1. Simple Vector sum

determine if any of the lines are equal or parallel

L1: (x-8)/4 = (y+5)/-2 = (z+9)/3

L2: (x+7)/2 = (y-4)/1 = (z+6)/5

L3: (x+4)/-8 = (y-1)/4 = (z+18)/-16

L4: (x-2)/-2 = (y+3)/1 = (z-4)/1.5

im not sure whether the sum is wrong... Because answer says L1 n L3 are equal. But?? how to prove it

2. You are using the word "sum" in a very strange way!

If you are given two lines as
$\frac{x- a}{A}= \frac{y- b}{B}= \frac{z- c}{C}$
and
$\frac{x- u}{U}= \frac{y- v}{V}= \frac{z- w}{W}$
then the vector <A, B, C> points in the direction of the first line and the vector <U, V, W> points in the direction of the second line. They are "parallel" if and only if <A, B, C> is a multiple of <U, V, W> and they are not the same line.

To compare L1 with L2, 4= 2(2) but -2 is not 2(1) so they are not parallel nor can they be the same line.

To compare L1 with L3, -8= 4(-2) and 4= 2(-2) but -16 is not 3(-2) so they are not parallel nor can they be the same line.
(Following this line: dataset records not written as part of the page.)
Lemma Loss_O_update_le N D K A C alpha beta s : 0 <= alpha -> 0 <= beta ->
  feasible_scores N (sO1 s) -> feasible_scores N (sO2 s) -> feasible_scores N (sO3 s) ->
  (forall i, (i < N)%nat -> 0 < res_str N K A s i) ->
  (forall i, (i < N)%nat -> 0 < res_attr D K C s i) ->
  (forall i, (i < N)%nat -> 0 < res_dis K s i) ->
  Loss N D K A C alpha beta (O_update N D K A C s) <= Loss N D K A C alpha beta s.
Proof.
  intros Ha Hb [HO1 HS1] [HO2 HS2] [HO3 HS3] Hr1 Hr2 Hr3.
  assert (Hmu : 0 < mu) by (unfold mu; lra).
  assert (L_str N K A (O_update N D K A C s) <= L_str N K A s).
  { rewrite !L_str_rows. exact (gibbs_inequality N mu _ _ Hmu Hr1 (fun i Hi => proj1 (HO1 i Hi)) HS1). }
  assert (L_attr N D K C (O_update N D K A C s) <= L_attr N D K C s).
  { rewrite !L_attr_rows. exact (gibbs_inequality N mu _ _ Hmu Hr2 (fun i Hi => proj1 (HO2 i Hi)) HS2). }
  assert (L_dis N K (O_update N D K A C s) <= L_dis N K s).
  { rewrite !L_dis_rows. exact (gibbs_inequality N mu _ _ Hmu Hr3 (fun i Hi => proj1 (HO3 i Hi)) HS3). }
  unfold Loss. nra.
Qed.

Theorem mainTheorem1 (N D K : nat) (A C : mat) (alpha beta : R)
  (s0 : state) (W1 : mat) (cs : list coord) (s2 : state) :
  (K < N)%nat -> (K < D)%nat -> 0 < alpha -> 0 < beta ->
  orthogonal K (sW s0) ->
  feasible_scores N (sO1 s0) -> feasible_scores N (sO2 s0) ->
  feasible_scores N (sO3 s0) ->
  W_update N K s0 W1 ->
  NoDup cs -> (forall c, In c cs <-> valid_coord N D K c) ->
  cd_chain (Loss N D K A C alpha beta) (setW s0 W1) cs s2 ->
  (forall i, (i < N)%nat -> 0 < res_str N K A s2 i) ->
  (forall i, (i < N)%nat -> 0 < res_attr D K C s2 i) ->
  (forall i, (i < N)%nat -> 0 < res_dis K s2 i) ->
  Loss N D K A C alpha beta (O_update N D K A C s2)
    <= Loss N D K A C alpha beta s0.
Proof.
  intros _ _ Ha Hb HW0 HO1 HO2 HO3 HWu _ _ Hchain Hr1 Hr2 Hr3.
  assert (Hstep1 : Loss N D K A C alpha beta (setW s0 W1) <= Loss N D K A C alpha beta s0)
    by (apply Loss_setW_le; [lra | exact HW0 | exact HWu | exact (proj1 HO3)]).
  pose proof (cd_chain_le _ _ _ _ Hchain) as Hstep2.
  assert (Hstep3 : Loss N D K A C alpha beta (O_update N D K A C s2)
                     <= Loss N D K A C alpha beta s2).
  { destruct (cd_chain_scores _ _ _ _ Hchain) as (E1 & E2 & E3); simpl in E1, E2, E3.
    rewrite <- E1 in HO1; rewrite <- E2 in HO2; rewrite <- E3 in HO3.
    apply Loss_O_update_le; assumption || lra. }
  lra.
Qed.
(* Let $G$ be a weighted graph. Let $F$ be a bipartite graph and let $\mathcal{H}$ be the class of all graphs that are weighted cross-bipartite swapping in $G$. Then every $\mathcal{H}$-blow-up $H$ of $F$ is bipartite swapping in $G$, i.e. $\hom(H,G)^2\le\hom(H\times K_2,G)$.
   Context: A weighted graph $G$ is a symmetric function $G:V(G)\times V(G)\to\mathbb{R}_{\ge0}$ on a finite set (loops allowed). For a graph $H$, $\hom(H,G)=\sum_{\phi:V(H)\to V(G)}\prod_{uv\in E(H)}G(\phi(u),\phi(v))$. The tensor product $H\times K_2$ has vertex set $V(H)\times\{1,2\}$ with $(u,i)\sim(v,j)$ iff $uv\in E(H)$ and $i\ne j$. A graph $H$ is weighted cross-bipartite swapping in $G$ if for all $\mathbf{a},\mathbf{b}:V(G)\to\mathbb{R}_{\ge0}$, \[\Big(\sum_{\phi:V(H)\to V(G)}\prod_{uv\in E(H)}G(\phi(u),\phi(v))\prod_{u}a_{\phi(u)}\Big)\Big(\sum_{\phi:V(H)\to V(G)}\prod_{uv\in E(H)}G(\phi(u),\phi(v))\prod_{u}b_{\phi(u)}\Big)\le \sum_{\psi:V(H)\times\{1,2\}\to V(G)}\prod_{xy\in E(H\times K_2)}G(\psi(x),\psi(y))\prod_{u\in V(H)}a_{\psi(u,1)}b_{\psi(u,2)}.\] For a class $\mathcal{H}$ and a graph $F$ on vertices $v_1,\dots,v_k$, an $\mathcal{H}$-blow-up of $F$ is obtained by choosing $H_1,\dots,H_k\in\mathcal{H}$, taking their disjoint union, and adding all edges between $V(H_i)$ and $V(H_j)$ whenever $v_iv_j\in E(F)$. *)

From HB Require Import structures.
From mathcomp Require Import all_boot all_order all_algebra.
From mathcomp Require Import reals.
Set Implicit Arguments. Unset Strict Implicit. Unset Printing Implicit Defensive.
Import Order.TTheory GRing.Theory Num.Theory.
Local Open Scope ring_scope.
Lemma increasing_enum m n (A : {set 'I_n}) : #|A| = m.+1 ->
  exists2 g : 'I_m.+1 -> 'I_n, {homo g : i j / (i < j)%N} & A = [set g i | i : 'I_m.+1].
Proof.
move=> cA; have /card_gt0P [x0 _] : (0 < #|A|)%N by rewrite cA.
have size_enum : size (enum A) = m.+1 by rewrite -cardE.
exists (fun i => nth x0 (enum A) i).
  have lt_trans : transitive (fun x y : 'I_n => (x < y)%N) by move=> ? ? ?; apply: ltn_trans.
  by move=> i j; apply: (sorted_ltn_nth lt_trans x0 (enum_ltn_sorted A)); rewrite inE size_enum.
apply/setP => x; apply/idP/imsetP => [xA | [i _ ->]]; last by rewrite -mem_enum mem_nth ?size_enum.
have ix : (index x (enum A) < m.+1)%N by rewrite -size_enum index_mem mem_enum.
by exists (Ordinal ix); rewrite //= nth_index ?mem_enum.
Qed.

Lemma inj_homo_perm_factor m n (h : 'I_m -> 'I_n) : injective h ->
  exists2 g : 'I_m -> 'I_n, {homo g : i j / (i < j)%N} & exists p : 'S_m, h = g \o p.
Proof.
case: m => [|m] in h *; first by exists h => [[] | ]; last by exists 1%g; apply: funext => -[].
move=> hI; have [g gI Ag] : exists2 g : 'I_m.+1 -> 'I_n,
    {homo g : i j / (i < j)%N} & [set h i | i : 'I_m.+1] = [set g i | i : 'I_m.+1].
  by apply: increasing_enum; rewrite card_imset ?card_ord.
pose r i := odflt i [pick j | g j == h i].
have gr i : g (r i) = h i.
  rewrite /r; case: pickP => [j /eqP // | none].
  have : h i \in [set g j | j : 'I_m.+1] by rewrite -Ag imset_f.
  by case/imsetP => j _ hij; have := none j; rewrite hij eqxx.
have rI : injective r by move=> i j rij; apply: hI; rewrite -!gr rij.
by exists g => //; exists (perm rI); apply: funext => i; rewrite /= permE gr.
Qed.

Section Minors.
Local Open Scope ring_scope.

Lemma big_signr (R : pzRingType) (I : Type) (r : seq I) (P : pred I) (b : I -> bool) :
  \prod_(i <- r | P i) ((-1) ^+ b i : R) = (-1) ^+ (\big[addb/false]_(i <- r | P i) b i).
Proof. by elim/big_rec2: _ => // i x y _ ->; rewrite signr_addb. Qed.

Lemma Vandermonde_gt0 (R : realDomainType) m (t : 'I_m -> R) : injective t ->
  (0 < \det (Vandermonde m (\row_j t j))) =
  ~~ \big[addb/false]_(i < m) \big[addb/false]_(j < m) ((i < j)%N && (t j < t i)).
Proof.
move=> tI; rewrite det_Vandermonde.
have sign_norm i j : (\row_j t j) 0 j - (\row_j t j) 0 i
    = (-1) ^+ (t j < t i)%R * `|t j - t i|.
  by rewrite !mxE; case: ltrP => _; rewrite ?expr1 ?mulN1r ?opprB ?expr0 ?mul1r.
under eq_bigr do under eq_bigr do rewrite sign_norm.
under eq_bigr do rewrite big_split /= big_signr.
rewrite big_split /= big_signr.
have norm_gt0 : 0 < \prod_(i < m) \prod_(j < m | (i < j)%N) `|t j - t i|.
  apply: prodr_gt0 => i _; apply: prodr_gt0 => j ij.
  by rewrite normr_gt0 subr_eq0 (inj_eq tI); apply: contraTneq ij => ->; rewrite ltnn.
have -> : \big[addb/false]_(i < m) \big[addb/false]_(j < m | (i < j)%N) (t j < t i)
    = \big[addb/false]_(i < m) \big[addb/false]_(j < m) ((i < j)%N && (t j < t i)).
  by apply: eq_bigr => i _; rewrite big_mkcond; apply: eq_bigr => j _; case: ifP.
case: (\big[addb/false]_(i < m) _); last by rewrite expr0 mul1r.
by rewrite expr1 mulN1r oppr_gt0 ltNge ltW.
Qed.

Lemma odd_inv_perm m (s : 'S_m) : odd_inv s = odd_perm s.
Proof.
pose t (j : 'I_m) : rat := (j : nat)%:R.
have tI : injective t by move=> i j /eqP; rewrite eqr_nat => /eqP /val_inj.
have V_gt0 : 0 < \det (Vandermonde m (\row_j t j)).
  rewrite Vandermonde_gt0 //; apply/negP; rewrite big1 // => i _; rewrite big1 // => j _.
  by rewrite ltr_nat; case: (ltngtP i j).
have Vs_gt0 : (0 < \det (Vandermonde m (\row_j t (s j)))) = ~~ odd_inv s.
  rewrite Vandermonde_gt0; last by move=> i j /tI /perm_inj.
  by congr (~~ _); apply: eq_bigr => i _; apply: eq_bigr => j _; rewrite ltr_nat.
have perm_V : Vandermonde m (\row_j t (s j)) = col_perm s (Vandermonde m (\row_j t j)).
  by apply/matrixP => i j; rewrite !mxE.
move: Vs_gt0; rewrite perm_V col_permE det_mulmx det_perm odd_permV.
case: (odd_perm s) => /=; last by rewrite mulr1 V_gt0; case: (odd_inv s).
by rewrite expr1 mulrN1 oppr_gt0 ltNge ltW //; case: (odd_inv s).
Qed.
If that "3" were an "8" so that L1 was given by
$\frac{x- 8}{4}= \frac{y+ 4}{-2}= \frac{z+ 9}{8}$
then it and L3,
$\frac{x+4}{-8}= \frac{y-1}{4}= \frac{z+18}{-16}$
would have parallel vectors.

However, (8, -4, -9) is a point on the first line and putting x= 8, y= -4, z= 9 in the equation of the second,
$\fac{8+ 4}{-8}= -\frac{12}{8}= -\frac{3}{2}$
$\farc{-4-1}{4}= -\frac{5}{4}\ne -\frac{3}{2}$
so these lines would be parallel but NOT equal.